¿Lo más probable o lo que tiene sentido? El experimento que revela cómo nos equivocamos todos los días
Imaginá lo siguiente: Judy tiene 33 años. Se graduó con honores en Ciencias Políticas y fue una estudiante activa en movimientos sociales. Con esos datos, ¿Cuál de estas dos opciones te parece más probable?
a) Judy trabaja de cajera en un banco.
b) Judy trabaja de cajera en un banco y es una militante feminista.
Si elegiste la segunda opción, como hacen la mayoría de las personas, caíste en una trampa común de la mente humana. Aunque la opción b suene más coherente con la historia de Judy, en realidad es menos probable. Y eso tiene una explicación matemática, no ideológica.

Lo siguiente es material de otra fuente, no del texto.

(* Let $d:a\mapsto a'$ be a Hardy type series derivation on $\mathbb{K}$. Let $a\in\mathbb{K}^*$ with $a\not\asymp 1$. Then $$\mathrm{LT}\!\left(\frac{a'}{a}\right)=\mathrm{LE}(a)\,\mathrm{LT}\!\left(\frac{\mathrm{LF}(a)'}{\mathrm{LF}(a)}\right);$$ more precisely $\mathrm{LM}(a'/a)=\theta^{(\mathrm{LF}(a))}$ and $\mathrm{LC}(a'/a)=\mathrm{LE}(a)\,\mathrm{LC}\big(\mathrm{LF}(a)'/\mathrm{LF}(a)\big)$. In particular, $\hat\theta$ equals the greatest lower bound (with respect to $\preccurlyeq$) of $\Psi=\{\mathrm{LM}(b'/b): b\in\mathbb{K}^*,\ b\not\asymp 1\}$.
   Context: Let $(\Phi,\preccurlyeq)$ be a totally ordered set; $\mathbf{H}(\Phi)$ is the group of formal products $\gamma=\prod_{\phi}\phi^{\gamma_\phi}$, $\gamma_\phi\in\mathbb{R}$, with anti-well-ordered support $\operatorname{supp}\gamma=\{\phi:\gamma_\phi\neq0\}$, pointwise multiplication and anti-lexicographic order ($\gamma\succ1$ iff the exponent of $\max\operatorname{supp}\gamma$ is positive); $\Phi\subseteq\mathbf H(\Phi)$ via $\phi=\phi^1$. Fix a subgroup $\Gamma\supseteq\Phi$ of $\mathbf H(\Phi)$. For $1\ne\gamma$: $\mathrm{LF}(\gamma)=\max\operatorname{supp}\gamma$, $\mathrm{LE}(\gamma)=\gamma_{\mathrm{LF}(\gamma)}$. $\mathbb{K}=\mathbb{R}((\Gamma))$: formal series $\sum a_\alpha\alpha$ with anti-well-ordered support $\operatorname{Supp}a\subseteq\Gamma$. For $a\ne0$: $\mathrm{LM}(a)=\max\operatorname{Supp}a$, $\mathrm{LC}(a)$ its coefficient, $\mathrm{LT}(a)=\mathrm{LC}(a)\mathrm{LM}(a)$, $\mathrm{LF}(a)=\mathrm{LF}(\mathrm{LM}(a))$, $\mathrm{LE}(a)=\mathrm{LE}(\mathrm{LM}(a))$. $a\preccurlyeq b$ iff $\mathrm{LM}(a)\preccurlyeq\mathrm{LM}(b)$; $a\asymp b$ iff $\mathrm{LM}(a)=\mathrm{LM}(b)$; $|a|=\max(\mathrm{LM}(a),\mathrm{LM}(a)^{-1})$; $a,b\succ1$ are comparable iff $\mathrm{LF}(a)=\mathrm{LF}(b)$. Summable families: union of supports anti-well-ordered, each monomial in finitely many supports; sums coefficientwise. A series derivation is a map $a\mapsto a'$ on $\mathbb{K}$ with $1'=0$, $\alpha'=\alpha\sum_{\phi\in\operatorname{supp}\alpha}\alpha_\phi\phi'/\phi$ for $\alpha=\prod\phi^{\alpha_\phi}\in\Gamma$, and $a'=\sum a_\alpha\alpha'$ (summable families). It is of Hardy type if: (HD1) its field of constants is $\mathbb{R}$; (HD2) for all $a,b\in\mathbb{K}^*$ with $a,b\not\asymp1$: $a\preccurlyeq b\iff a'\preccurlyeq b'$; (HD3) for all $a,b$ with $|a|\succ|b|\succ1$: $a'/a\succcurlyeq b'/b$, with $a'/a\asymp b'/b$ iff $a$ and $b$ are comparable. Notation: $\theta^{(\phi)}=\mathrm{LM}(\phi'/\phi)$ for $\phi\in\Phi$, $\Theta=\{\theta^{(\phi)}:\phi\in\Phi\}$, and $\hat\theta$ is the greatest lower bound of $\Theta$ in $(\Gamma,\preccurlyeq)$ when it exists. *)

From Stdlib Require Import ClassicalEpsilon.
From mathcomp Require Import all_boot all_order all_algebra.
From mathcomp Require Import boolp classical_sets functions cardinality fsbigop.
From mathcomp Require Import Rstruct.
Set Implicit Arguments. Unset Strict Implicit. Unset Printing Implicit Defensive.
Import Order.TTheory GRing.Theory Num.Theory.
Local Open Scope classical_set_scope.
Local Open Scope ring_scope.

Notation R := Rdefinitions.R.

Section HahnSeries.
Context {disp : Order.disp_t} {Phi : orderType disp}.

(* a monomial prod_phi phi^(g phi) is represented by its exponent map g *)
Definition mon := Phi -> R.

Definition anti_wo {X : Type} (le : X -> X -> Prop) (S : set X) : Prop :=
  forall A : set X, A `<=` S -> A !=set0 ->
    exists2 m, A m & forall x, A x -> le x m.

Definition msupp (g : mon) : set Phi := [set phi | g phi != 0].
Definition isH (g : mon) : Prop := anti_wo (fun x y : Phi => (x <= y)%O) (msupp g).

Definition mone : mon := fun _ => 0.
Definition mmul (g h : mon) : mon := fun phi => g phi + h phi.
Definition minv (g : mon) : mon := fun phi => - g phi.
Definition phim (phi : Phi) : mon := fun psi => if psi == phi then 1 else 0.

Definition mlt (g h : mon) : Prop :=
  exists phi, g phi < h phi /\ forall psi, (phi < psi)%O -> g psi = h psi.
Definition mle (g h : mon) : Prop := g = h \/ mlt g h.

Definition is_LF (g : mon) (phi : Phi) : Prop :=
  g phi != 0 /\ forall psi, g psi != 0 -> (psi <= phi)%O.

Definition mabs (g : mon) : mon := if `[< mle g (minv g) >] then minv g else g.

Definition is_Gamma (Gamma : set mon) : Prop :=
  [/\ Gamma `<=` isH, Gamma mone,
      (forall g h, Gamma g -> Gamma h -> Gamma (mmul g h)),
      (forall g, Gamma g -> Gamma (minv g)) &
      (forall phi, Gamma (phim phi))].

Definition ser := mon -> R.
Definition Supp (a : ser) : set mon := [set al | a al != 0].

Definition is_series (Gamma : set mon) (a : ser) : Prop :=
  Supp a `<=` Gamma /\ anti_wo mle (Supp a).

Definition szero : ser := fun _ => 0.
Definition smono (al : mon) : ser := fun be => if `[< be = al >] then 1 else 0.
Definition sone : ser := smono mone.
Definition sscale (r : R) (a : ser) : ser := fun be => r * a be.
Definition sadd (a b : ser) : ser := fun be => a be + b be.
Definition smul (a b : ser) : ser := fun al =>
  \sum_(be \in [set be | a be != 0 /\ b (mmul al (minv be)) != 0])
     (a be * b (mmul al (minv be))).
(* the quotient b / a in K (unique when a <> 0) *)
Definition sdiv (Gamma : set mon) (b a : ser) : ser :=
  epsilon (inhabits szero) (fun q => is_series Gamma q /\ smul q a = b).

Definition LM (a : ser) : mon :=
  epsilon (inhabits mone) (fun al => a al != 0 /\ forall be, a be != 0 -> mle be al).
Definition LC (a : ser) : R := a (LM a).
Definition LT (a : ser) : ser := sscale (LC a) (smono (LM a)).

Definition sle (a b : ser) : Prop :=
  a = szero \/ (b <> szero /\ mle (LM a) (LM b)).

Definition summable {I : choiceType} (F : I -> ser) : Prop :=
  anti_wo mle (\bigcup_(i in setT) Supp (F i)) /\
  forall be, finite_set [set i | F i be != 0].
Definition ssum {I : choiceType} (F : I -> ser) : ser := fun be =>
  \sum_(i \in [set i | F i be != 0]) F i be.

Definition series_derivation (Gamma : set mon) (d : ser -> ser) : Prop :=
  [/\ (forall a, is_series Gamma a -> is_series Gamma (d a)),
      d sone = szero,
      (forall al, Gamma al ->
         let F := fun phi : Phi =>
           sscale (al phi) (sdiv Gamma (d (smono (phim phi))) (smono (phim phi))) in
         summable F /\ d (smono al) = smul (smono al) (ssum F)) &
      (forall a, is_series Gamma a ->
         let F := fun al : mon => sscale (a al) (d (smono al)) in
         summable F /\ d a = ssum F)].

Definition hardy_type (Gamma : set mon) (d : ser -> ser) : Prop :=
  [/\ series_derivation Gamma d,
      (* HD1 *)
      (forall a, is_series Gamma a ->
         (d a = szero <-> exists r : R, a = sscale r sone)),
      (* HD2 *)
      (forall a b, is_series Gamma a -> is_series Gamma b ->
         a <> szero -> b <> szero -> LM a <> mone -> LM b <> mone ->
         (sle a b <-> sle (d a) (d b))) &
      (* HD3 *)
      (forall a b, is_series Gamma a -> is_series Gamma b ->
         a <> szero -> b <> szero ->
         mlt (mabs (LM b)) (mabs (LM a)) -> mlt mone (mabs (LM b)) ->
         sle (sdiv Gamma (d b) b) (sdiv Gamma (d a) a) /\
         (LM (sdiv Gamma (d a) a) = LM (sdiv Gamma (d b) b) <->
          exists phi, is_LF (LM a) phi /\ is_LF (LM b) phi))].

Definition theta (Gamma : set mon) (d : ser -> ser) (phi : Phi) : mon :=
  LM (sdiv Gamma (d (smono (phim phi))) (smono (phim phi))).
Definition Theta (Gamma : set mon) (d : ser -> ser) : set mon :=
  range (theta Gamma d).
Definition Psi (Gamma : set mon) (d : ser -> ser) : set mon :=
  [set LM (sdiv Gamma (d b) b) | b in
     [set b | is_series Gamma b /\ b <> szero /\ LM b <> mone]].
Definition is_glb (Gamma : set mon) (S : set mon) (g : mon) : Prop :=
  [/\ Gamma g, (forall s, S s -> mle g s) &
      (forall h, Gamma h -> (forall s, S s -> mle h s) -> mle h g)].

End HahnSeries.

Un experimento que sigue vigente
El ejemplo fue creado por los psicólogos Amos Tversky y Daniel Kahneman en 1983. Cuando lo aplicaron, notaron que la mayoría elegía la opción que “cerraba mejor” con el relato. Lo sorprendente es que eso implicaba ignorar las reglas básicas de la probabilidad: si un hecho incluye dos condiciones, siempre va a ser menos probable que otro que incluye solo una.
Matemáticamente, que Judy sea cajera (opción a) es más probable que que sea cajera y militante (opción b), incluso si eso último parece más “lógico”. Este fenómeno se llama falacia de conjunción, y se produce cuando las personas suponen que dos hechos juntos son más probables que uno solo, simplemente porque el relato suena más verosímil. El ejemplo de Judy es una versión clara de cómo el cerebro humano prefiere la narrativa antes que el número.
El peso de las historias en nuestras decisiones
Este sesgo no afecta solo a las encuestas o los juegos de lógica. Aparece en decisiones cotidianas: desde evaluar a una persona por su currículum hasta hacer pronósticos en política, economía o salud. Nuestro juicio se contamina fácilmente con lo que “tiene sentido”, aunque sea estadísticamente incorrecto.
Las probabilidades reales se rigen por principios matemáticos. Por ejemplo, si la chance de que Judy sea cajera es del 10%, y la probabilidad de que también sea feminista es del 50%, la conjunción (ser ambas cosas) es 0,10 × 0,50 = 0,05, o sea un 5%. Menor que cualquiera de las dos por separado.
Ese es el meollo del asunto: el cerebro no calcula. Intuye. Y cuando lo hace, se equivoca.
Lo interesante es que identificar este sesgo ayuda a tomar mejores decisiones, no solo en lo académico. En inversiones, en salud, en educación o incluso en cómo evaluamos una noticia, aprender a distinguir entre lo “posible” y lo “probable” puede marcar una gran diferencia. Por eso, aunque la historia de Judy sea solo un ejemplo, su enseñanza es clara: desconfié de lo que “suena lógico” si no tenés los números a la vista.